Saved entries
· · ·

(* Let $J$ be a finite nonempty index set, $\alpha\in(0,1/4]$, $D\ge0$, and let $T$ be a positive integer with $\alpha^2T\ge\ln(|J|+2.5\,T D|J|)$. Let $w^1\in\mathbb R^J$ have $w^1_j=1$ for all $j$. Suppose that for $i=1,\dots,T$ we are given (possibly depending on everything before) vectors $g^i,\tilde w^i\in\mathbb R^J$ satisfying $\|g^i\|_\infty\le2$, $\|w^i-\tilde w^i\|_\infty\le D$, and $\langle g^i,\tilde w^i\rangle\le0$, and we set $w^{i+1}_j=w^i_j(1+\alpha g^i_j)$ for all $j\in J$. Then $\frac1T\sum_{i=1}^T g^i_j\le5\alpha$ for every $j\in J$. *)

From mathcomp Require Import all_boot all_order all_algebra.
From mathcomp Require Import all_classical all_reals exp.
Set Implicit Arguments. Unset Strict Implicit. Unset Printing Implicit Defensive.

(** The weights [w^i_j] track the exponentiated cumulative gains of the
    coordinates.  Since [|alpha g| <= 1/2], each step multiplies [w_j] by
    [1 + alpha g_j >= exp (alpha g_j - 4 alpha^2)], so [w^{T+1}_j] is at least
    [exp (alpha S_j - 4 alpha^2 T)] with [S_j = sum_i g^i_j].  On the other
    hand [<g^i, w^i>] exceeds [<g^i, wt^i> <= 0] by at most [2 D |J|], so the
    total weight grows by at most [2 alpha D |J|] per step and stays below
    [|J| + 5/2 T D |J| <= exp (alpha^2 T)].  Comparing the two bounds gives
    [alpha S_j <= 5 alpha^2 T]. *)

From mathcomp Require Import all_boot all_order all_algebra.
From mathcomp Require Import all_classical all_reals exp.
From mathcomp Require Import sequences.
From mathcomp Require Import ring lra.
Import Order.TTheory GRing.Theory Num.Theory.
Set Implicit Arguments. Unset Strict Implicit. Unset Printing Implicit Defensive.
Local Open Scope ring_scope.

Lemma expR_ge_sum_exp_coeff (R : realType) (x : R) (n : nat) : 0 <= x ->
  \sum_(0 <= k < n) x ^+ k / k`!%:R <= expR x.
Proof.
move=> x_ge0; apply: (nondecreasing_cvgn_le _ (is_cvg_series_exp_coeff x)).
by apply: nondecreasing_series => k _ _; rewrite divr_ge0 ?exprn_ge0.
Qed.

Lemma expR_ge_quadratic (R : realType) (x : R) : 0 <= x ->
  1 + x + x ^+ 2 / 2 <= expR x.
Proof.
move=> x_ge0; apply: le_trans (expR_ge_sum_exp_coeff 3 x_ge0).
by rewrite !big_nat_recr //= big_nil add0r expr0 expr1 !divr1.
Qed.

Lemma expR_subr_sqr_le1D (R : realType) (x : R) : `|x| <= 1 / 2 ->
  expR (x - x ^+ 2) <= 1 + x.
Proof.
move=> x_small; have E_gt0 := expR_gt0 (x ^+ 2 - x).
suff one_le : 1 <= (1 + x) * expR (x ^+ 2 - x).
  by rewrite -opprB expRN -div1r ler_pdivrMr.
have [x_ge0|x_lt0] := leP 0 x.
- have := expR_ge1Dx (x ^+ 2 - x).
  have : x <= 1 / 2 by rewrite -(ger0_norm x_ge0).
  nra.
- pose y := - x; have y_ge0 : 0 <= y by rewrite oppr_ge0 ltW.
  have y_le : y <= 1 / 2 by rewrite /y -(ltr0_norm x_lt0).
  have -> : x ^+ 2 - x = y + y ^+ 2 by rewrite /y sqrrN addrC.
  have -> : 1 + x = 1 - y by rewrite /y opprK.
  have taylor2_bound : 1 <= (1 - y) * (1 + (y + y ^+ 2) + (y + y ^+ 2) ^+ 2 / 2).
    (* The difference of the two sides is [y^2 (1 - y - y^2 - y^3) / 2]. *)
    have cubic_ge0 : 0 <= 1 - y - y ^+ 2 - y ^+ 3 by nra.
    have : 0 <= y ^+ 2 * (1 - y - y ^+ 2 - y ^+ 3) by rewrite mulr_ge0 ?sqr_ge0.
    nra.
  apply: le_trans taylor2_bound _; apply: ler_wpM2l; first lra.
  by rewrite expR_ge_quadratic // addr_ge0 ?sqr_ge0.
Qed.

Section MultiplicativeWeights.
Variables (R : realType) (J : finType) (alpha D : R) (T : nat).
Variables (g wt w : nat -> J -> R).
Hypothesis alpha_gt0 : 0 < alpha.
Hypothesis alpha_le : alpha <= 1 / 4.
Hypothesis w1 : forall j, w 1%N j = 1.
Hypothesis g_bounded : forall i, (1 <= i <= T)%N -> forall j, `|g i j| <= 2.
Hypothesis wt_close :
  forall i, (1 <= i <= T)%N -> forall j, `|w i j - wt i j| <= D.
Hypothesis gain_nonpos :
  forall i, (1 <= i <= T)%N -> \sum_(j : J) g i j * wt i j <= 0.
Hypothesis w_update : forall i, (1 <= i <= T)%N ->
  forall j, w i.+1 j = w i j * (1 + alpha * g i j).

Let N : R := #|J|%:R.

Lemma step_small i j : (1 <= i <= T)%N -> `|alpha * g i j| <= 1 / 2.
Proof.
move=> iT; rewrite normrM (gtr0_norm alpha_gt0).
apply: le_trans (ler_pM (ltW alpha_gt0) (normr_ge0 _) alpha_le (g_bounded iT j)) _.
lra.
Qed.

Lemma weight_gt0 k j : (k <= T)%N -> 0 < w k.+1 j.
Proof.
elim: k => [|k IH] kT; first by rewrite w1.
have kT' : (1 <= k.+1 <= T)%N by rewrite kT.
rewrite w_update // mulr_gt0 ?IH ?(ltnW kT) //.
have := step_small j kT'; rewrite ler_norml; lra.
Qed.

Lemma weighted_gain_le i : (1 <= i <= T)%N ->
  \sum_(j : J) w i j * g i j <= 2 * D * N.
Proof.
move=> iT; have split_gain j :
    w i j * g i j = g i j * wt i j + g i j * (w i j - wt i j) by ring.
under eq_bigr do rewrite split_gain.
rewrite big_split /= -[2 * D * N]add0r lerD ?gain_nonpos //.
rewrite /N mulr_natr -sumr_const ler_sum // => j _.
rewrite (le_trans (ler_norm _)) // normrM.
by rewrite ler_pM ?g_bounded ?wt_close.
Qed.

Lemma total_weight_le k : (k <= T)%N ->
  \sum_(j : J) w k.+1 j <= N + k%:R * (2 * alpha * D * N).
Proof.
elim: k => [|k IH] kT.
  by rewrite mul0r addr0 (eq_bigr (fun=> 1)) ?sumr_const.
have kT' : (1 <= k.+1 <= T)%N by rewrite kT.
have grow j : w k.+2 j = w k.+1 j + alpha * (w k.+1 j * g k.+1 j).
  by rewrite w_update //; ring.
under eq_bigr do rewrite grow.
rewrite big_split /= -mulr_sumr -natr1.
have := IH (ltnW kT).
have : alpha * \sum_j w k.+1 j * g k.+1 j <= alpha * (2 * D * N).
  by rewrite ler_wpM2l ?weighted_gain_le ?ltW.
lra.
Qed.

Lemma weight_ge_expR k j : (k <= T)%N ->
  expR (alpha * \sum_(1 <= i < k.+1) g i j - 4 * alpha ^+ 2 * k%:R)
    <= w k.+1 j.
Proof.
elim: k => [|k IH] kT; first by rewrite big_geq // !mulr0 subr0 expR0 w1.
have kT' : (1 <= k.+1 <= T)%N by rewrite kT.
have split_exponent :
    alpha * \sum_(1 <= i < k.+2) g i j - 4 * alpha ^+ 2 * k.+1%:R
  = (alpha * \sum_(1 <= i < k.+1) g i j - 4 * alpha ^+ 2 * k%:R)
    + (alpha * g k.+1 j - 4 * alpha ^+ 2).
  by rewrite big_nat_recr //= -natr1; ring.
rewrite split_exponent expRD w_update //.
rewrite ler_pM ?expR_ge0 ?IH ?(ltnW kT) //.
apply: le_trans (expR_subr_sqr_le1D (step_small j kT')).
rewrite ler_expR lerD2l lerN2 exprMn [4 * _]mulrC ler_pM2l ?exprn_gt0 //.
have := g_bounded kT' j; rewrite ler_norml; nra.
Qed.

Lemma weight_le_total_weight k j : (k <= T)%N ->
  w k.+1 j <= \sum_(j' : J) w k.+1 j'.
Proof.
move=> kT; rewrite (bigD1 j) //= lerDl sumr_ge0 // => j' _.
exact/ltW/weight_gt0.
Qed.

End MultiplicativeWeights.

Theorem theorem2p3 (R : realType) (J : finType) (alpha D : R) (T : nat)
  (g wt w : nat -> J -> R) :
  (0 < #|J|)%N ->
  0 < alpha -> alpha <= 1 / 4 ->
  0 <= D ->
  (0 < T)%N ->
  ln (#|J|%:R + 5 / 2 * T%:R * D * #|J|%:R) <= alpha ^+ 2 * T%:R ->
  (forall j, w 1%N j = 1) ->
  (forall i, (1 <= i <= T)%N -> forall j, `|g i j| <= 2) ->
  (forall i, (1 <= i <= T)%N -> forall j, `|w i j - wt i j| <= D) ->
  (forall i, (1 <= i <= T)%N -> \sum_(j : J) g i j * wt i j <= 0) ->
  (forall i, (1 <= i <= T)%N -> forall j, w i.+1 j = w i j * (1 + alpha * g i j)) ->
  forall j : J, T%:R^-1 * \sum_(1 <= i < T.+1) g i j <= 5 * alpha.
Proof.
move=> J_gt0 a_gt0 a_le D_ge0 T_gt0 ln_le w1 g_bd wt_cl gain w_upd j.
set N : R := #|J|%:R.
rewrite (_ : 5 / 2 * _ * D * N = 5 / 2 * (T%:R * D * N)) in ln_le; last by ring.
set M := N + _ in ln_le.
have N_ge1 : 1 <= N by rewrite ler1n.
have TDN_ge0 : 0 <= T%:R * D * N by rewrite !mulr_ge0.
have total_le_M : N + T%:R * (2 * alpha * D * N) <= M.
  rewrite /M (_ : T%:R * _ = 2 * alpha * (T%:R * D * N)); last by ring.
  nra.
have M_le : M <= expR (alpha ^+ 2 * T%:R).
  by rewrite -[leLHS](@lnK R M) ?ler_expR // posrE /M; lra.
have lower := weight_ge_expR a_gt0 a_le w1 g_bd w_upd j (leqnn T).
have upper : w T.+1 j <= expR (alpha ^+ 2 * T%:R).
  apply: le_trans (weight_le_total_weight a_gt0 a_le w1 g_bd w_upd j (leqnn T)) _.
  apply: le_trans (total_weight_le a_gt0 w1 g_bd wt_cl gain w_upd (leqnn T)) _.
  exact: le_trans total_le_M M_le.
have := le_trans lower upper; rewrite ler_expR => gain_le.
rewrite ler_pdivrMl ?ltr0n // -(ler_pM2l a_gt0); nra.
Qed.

· · ·

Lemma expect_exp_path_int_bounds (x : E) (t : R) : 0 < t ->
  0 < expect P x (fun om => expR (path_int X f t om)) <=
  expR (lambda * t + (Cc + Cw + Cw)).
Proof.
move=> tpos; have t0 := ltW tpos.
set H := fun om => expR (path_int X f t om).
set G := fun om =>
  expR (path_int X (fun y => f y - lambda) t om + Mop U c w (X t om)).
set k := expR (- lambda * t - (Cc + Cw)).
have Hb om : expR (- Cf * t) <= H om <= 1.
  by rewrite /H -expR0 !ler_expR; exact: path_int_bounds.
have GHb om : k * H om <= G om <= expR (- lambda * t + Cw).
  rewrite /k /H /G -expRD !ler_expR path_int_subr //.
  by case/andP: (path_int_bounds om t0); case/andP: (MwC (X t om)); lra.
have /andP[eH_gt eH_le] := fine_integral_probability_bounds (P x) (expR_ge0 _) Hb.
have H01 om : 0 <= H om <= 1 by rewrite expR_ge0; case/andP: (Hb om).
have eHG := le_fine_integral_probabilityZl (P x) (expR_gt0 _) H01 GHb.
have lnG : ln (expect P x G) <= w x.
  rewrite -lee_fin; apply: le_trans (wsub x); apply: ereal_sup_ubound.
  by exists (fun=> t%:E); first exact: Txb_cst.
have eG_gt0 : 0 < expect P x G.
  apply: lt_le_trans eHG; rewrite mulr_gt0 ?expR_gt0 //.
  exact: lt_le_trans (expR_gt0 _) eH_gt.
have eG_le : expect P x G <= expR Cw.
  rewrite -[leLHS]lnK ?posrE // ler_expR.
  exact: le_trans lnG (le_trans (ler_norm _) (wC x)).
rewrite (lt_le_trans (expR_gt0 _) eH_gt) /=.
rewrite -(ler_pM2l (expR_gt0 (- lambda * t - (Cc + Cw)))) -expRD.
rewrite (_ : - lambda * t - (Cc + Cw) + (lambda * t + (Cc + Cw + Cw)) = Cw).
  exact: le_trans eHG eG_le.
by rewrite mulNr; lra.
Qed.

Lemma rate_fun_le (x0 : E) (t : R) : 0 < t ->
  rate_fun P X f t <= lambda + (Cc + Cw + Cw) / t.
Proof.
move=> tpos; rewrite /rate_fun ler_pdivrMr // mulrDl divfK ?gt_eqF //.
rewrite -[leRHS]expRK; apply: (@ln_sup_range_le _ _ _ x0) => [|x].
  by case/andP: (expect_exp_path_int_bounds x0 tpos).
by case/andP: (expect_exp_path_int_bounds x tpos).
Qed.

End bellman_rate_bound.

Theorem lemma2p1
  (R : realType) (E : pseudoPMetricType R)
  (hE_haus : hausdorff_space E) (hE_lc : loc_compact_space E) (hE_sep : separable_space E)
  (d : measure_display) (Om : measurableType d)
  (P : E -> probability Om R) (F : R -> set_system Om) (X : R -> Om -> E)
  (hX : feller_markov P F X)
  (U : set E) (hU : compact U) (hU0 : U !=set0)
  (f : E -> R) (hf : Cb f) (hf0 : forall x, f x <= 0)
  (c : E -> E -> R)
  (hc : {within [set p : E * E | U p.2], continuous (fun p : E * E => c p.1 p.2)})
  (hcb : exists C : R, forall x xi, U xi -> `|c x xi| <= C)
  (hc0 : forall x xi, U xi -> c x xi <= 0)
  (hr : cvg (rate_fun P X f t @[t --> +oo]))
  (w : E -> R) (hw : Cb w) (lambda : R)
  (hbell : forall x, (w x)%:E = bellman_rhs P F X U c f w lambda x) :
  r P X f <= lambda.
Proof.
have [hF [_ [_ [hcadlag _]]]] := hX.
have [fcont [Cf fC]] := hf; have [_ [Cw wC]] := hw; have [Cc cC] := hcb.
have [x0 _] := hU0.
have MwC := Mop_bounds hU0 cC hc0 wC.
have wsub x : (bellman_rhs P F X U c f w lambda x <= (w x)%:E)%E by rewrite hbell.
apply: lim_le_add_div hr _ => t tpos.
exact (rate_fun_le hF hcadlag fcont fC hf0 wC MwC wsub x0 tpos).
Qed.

· · ·

WORK REQUEST:
Return only the lines between the one holding "Lemma expect_exp_path_int_bounds (x" and the one holding "exact: le_trans eHG eG_le.", inclusive, exactly as they appear above.

WRITTEN SOLUTION:
Lemma expect_exp_path_int_bounds (x : E) (t : R) : 0 < t ->
  0 < expect P x (fun om => expR (path_int X f t om)) <=
  expR (lambda * t + (Cc + Cw + Cw)).
Proof.
move=> tpos; have t0 := ltW tpos.
set H := fun om => expR (path_int X f t om).
set G := fun om =>
  expR (path_int X (fun y => f y - lambda) t om + Mop U c w (X t om)).
set k := expR (- lambda * t - (Cc + Cw)).
have Hb om : expR (- Cf * t) <= H om <= 1.
  by rewrite /H -expR0 !ler_expR; exact: path_int_bounds.
have GHb om : k * H om <= G om <= expR (- lambda * t + Cw).
  rewrite /k /H /G -expRD !ler_expR path_int_subr //.
  by case/andP: (path_int_bounds om t0); case/andP: (MwC (X t om)); lra.
have /andP[eH_gt eH_le] := fine_integral_probability_bounds (P x) (expR_ge0 _) Hb.
have H01 om : 0 <= H om <= 1 by rewrite expR_ge0; case/andP: (Hb om).
have eHG := le_fine_integral_probabilityZl (P x) (expR_gt0 _) H01 GHb.
have lnG : ln (expect P x G) <= w x.
  rewrite -lee_fin; apply: le_trans (wsub x); apply: ereal_sup_ubound.
  by exists (fun=> t%:E); first exact: Txb_cst.
have eG_gt0 : 0 < expect P x G.
  apply: lt_le_trans eHG; rewrite mulr_gt0 ?expR_gt0 //.
  exact: lt_le_trans (expR_gt0 _) eH_gt.
have eG_le : expect P x G <= expR Cw.
  rewrite -[leLHS]lnK ?posrE // ler_expR.
  exact: le_trans lnG (le_trans (ler_norm _) (wC x)).
rewrite (lt_le_trans (expR_gt0 _) eH_gt) /=.
rewrite -(ler_pM2l (expR_gt0 (- lambda * t - (Cc + Cw)))) -expRD.
rewrite (_ : - lambda * t - (Cc + Cw) + (lambda * t + (Cc + Cw + Cw)) = Cw).
  exact: le_trans eHG eG_le.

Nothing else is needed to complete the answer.